Sant’Arpino, acquisto mascherine. Pezone:”Il sindaco predica bene e razzola male. Spesi 1769 euro per l’acquisto di mascherine”

SANT'ARPINO. Ha chiesto chiarimenti all'amministrazione comunale sull'acquisto di mascherine da parte di Palazzo Ducale, l'ex consigliere Francesco Pezone che, tra le altre cose, è stato candidato con il gruppo di maggioranza alle elezioni del 2016 ed ha abbandonato il sodalizio di governo per alcune incomprensioni sorte tra lui e il sindaco sull'organizzazione di un campo estivo, a cui avrebbero partecipato circa 100 bambini ma che poi fu annullato per la mancanza di fondi che non furono messi a disposizione dall'amministrazione per la realizzazione del progetto a causa della difficile situazione finanziaria del Comune.

Gli anni passano ma la situazione finanziaria rimane pessima. Però, mentre per il Codi non ci fu la volontà di sacrificare una somma simile per un progetto che avrebbe impegnato 100 piccoli santarpinesi durante l'estate, oggi si fa una spesa che sembrerebbe essere inutile ed evitabile. Infatti, nonostante siano state fatte cospicue donazioni di mascherine al Comune da parte di imprenditori e cittadini, con stupore sono venuto a conoscenza, con la determina numero 60 del 29 aprile, che il Comune ha acquistato 500 mascherine spendendo ben 1769 euro. Sarebbe interessante sapere se la spesa risultava indispensabile  considerando anche che gran parte dei dipendenti comunali stanno lavorando in smart working e quindi non ne hanno bisogno.

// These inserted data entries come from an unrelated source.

(* Let $a\in\mathbb{R}$, $h>0$, $b=a+kh$ with $k\ge2$, $\mathbb{T}=\{a,a+h,\dots,b\}$, and let $L(t,u,v):\mathbb{T}^\kappa\times\mathbb{R}^2\to\mathbb{R}$ have continuous second partial derivatives in $(u,v)$. If $\hat y$ is a local minimizer of $$\mathcal{L}(y)=\int_a^bL(t,y(\sigma(t)),y^\Delta(t))\Delta t\to\min,\qquad y(a)=A,\ y(b)=B,$$ (local with respect to the norm $\|y\|=\max_{\mathbb{T}^\kappa}|y(\sigma(t))|+\max_{\mathbb{T}^\kappa}|y^\Delta(t)|$), then for all $t\in\mathbb{T}^{\kappa^2}$, $$h^2L_{uu}[\hat y](t)+2hL_{uv}[\hat y](t)+L_{vv}[\hat y](t)+L_{vv}[\hat y](\sigma(t))\ge0,$$ where $[\hat y](t)=(t,\hat y(\sigma(t)),\hat y^\Delta(t))$.
   Context: $\mathbb{T}^\kappa=\mathbb{T}\setminus\{b\}$, $\mathbb{T}^{\kappa^2}=\mathbb{T}\setminus\{b-h,b\}$, $\sigma(t)=t+h$, $y^\Delta(t)=(y(t+h)-y(t))/h$, and $\int_a^bG(t)\Delta t:=h\sum_{j=0}^{k-1}G(a+jh)$. A function $\hat y$ with $\hat y(a)=A$, $\hat y(b)=B$ is a local minimizer if there is $\delta>0$ such that $\mathcal{L}(\hat y)\le\mathcal{L}(y)$ for all $y:\mathbb{T}\to\mathbb{R}$ with $y(a)=A$, $y(b)=B$ and $\|y-\hat y\|<\delta$. *)

From Stdlib Require Import Reals Lra.
Open Scope R_scope.

Definition tpt (a h : R) (j : nat) : R := a + INR j * h.

Definition sgm (h t : R) : R := t + h.
Definition delta_deriv (h : R) (y : R -> R) (t : R) : R := (y (sgm h t) - y t) / h.

Fixpoint rsum (f : nat -> R) (n : nat) : R :=
  match n with O => 0 | S m => rsum f m + f m end.

(* max_{j=0}^{n-1} f j  (0 for n = 0; used only with nonnegative f and n >= 2) *)
Fixpoint rmaxn (f : nat -> R) (n : nat) : R :=
  match n with O => 0 | S m => Rmax (rmaxn f m) (f m) end.

(* delta integral over [a,b) with b = a + k h:  h * sum_{j<k} G(a+jh) *)
Definition delta_int (a h : R) (k : nat) (G : R -> R) : R :=
  h * rsum (fun j => G (tpt a h j)) k.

A tutti i cittadini sono state consegnate le mascherine della Regione e quelle realizzate da alcune sarte volontarie portate casa per casa dai volontari dell'associazione Fujenti atellani e dai componenti della Protezione Civile, che non smetteremo mai di ringraziare. Il sindaco ha avuto premura di informarci con foto e comunicati stampa di tutte le donazioni extra che sono arrivate in Comune ed ora dovrebbe avere premura di far sapere ai santarpinesi perché ha acquistato ulteriori mascherine considerando le donazioni. Peppino predica bene e razzola male. L'amministrazione probabilmente è allergica al Costo Zero che però continua a sventolare quotidianamente.

Il provvedimento risulta essere nettamente contrastante con le politiche di risparmio di quest’amministrazione che, ricordiamo, ha dichiarato prima il pre-dissesto e poi il dissesto finanziario. C'è poi anche una questione morale. I donatori, infatti, in questa situazione vengono in qualche modo posti in secondo piano, un pò come ci ha abituato quest’amministrazione che fin dal suo insediamento ha sempre messo all’ultimo posto la cittadinanza dando priorità a provvedimenti ad personam. Infine, non posso non far presente che in questa storia i membri dell’opposizione consiliare, e in modo particolare la presidente della commissione trasparenza Immacolata Quattromani, risultano poco attenti nel vigilare e a chiedere chiarimenti su una questione di interessa pubblico”.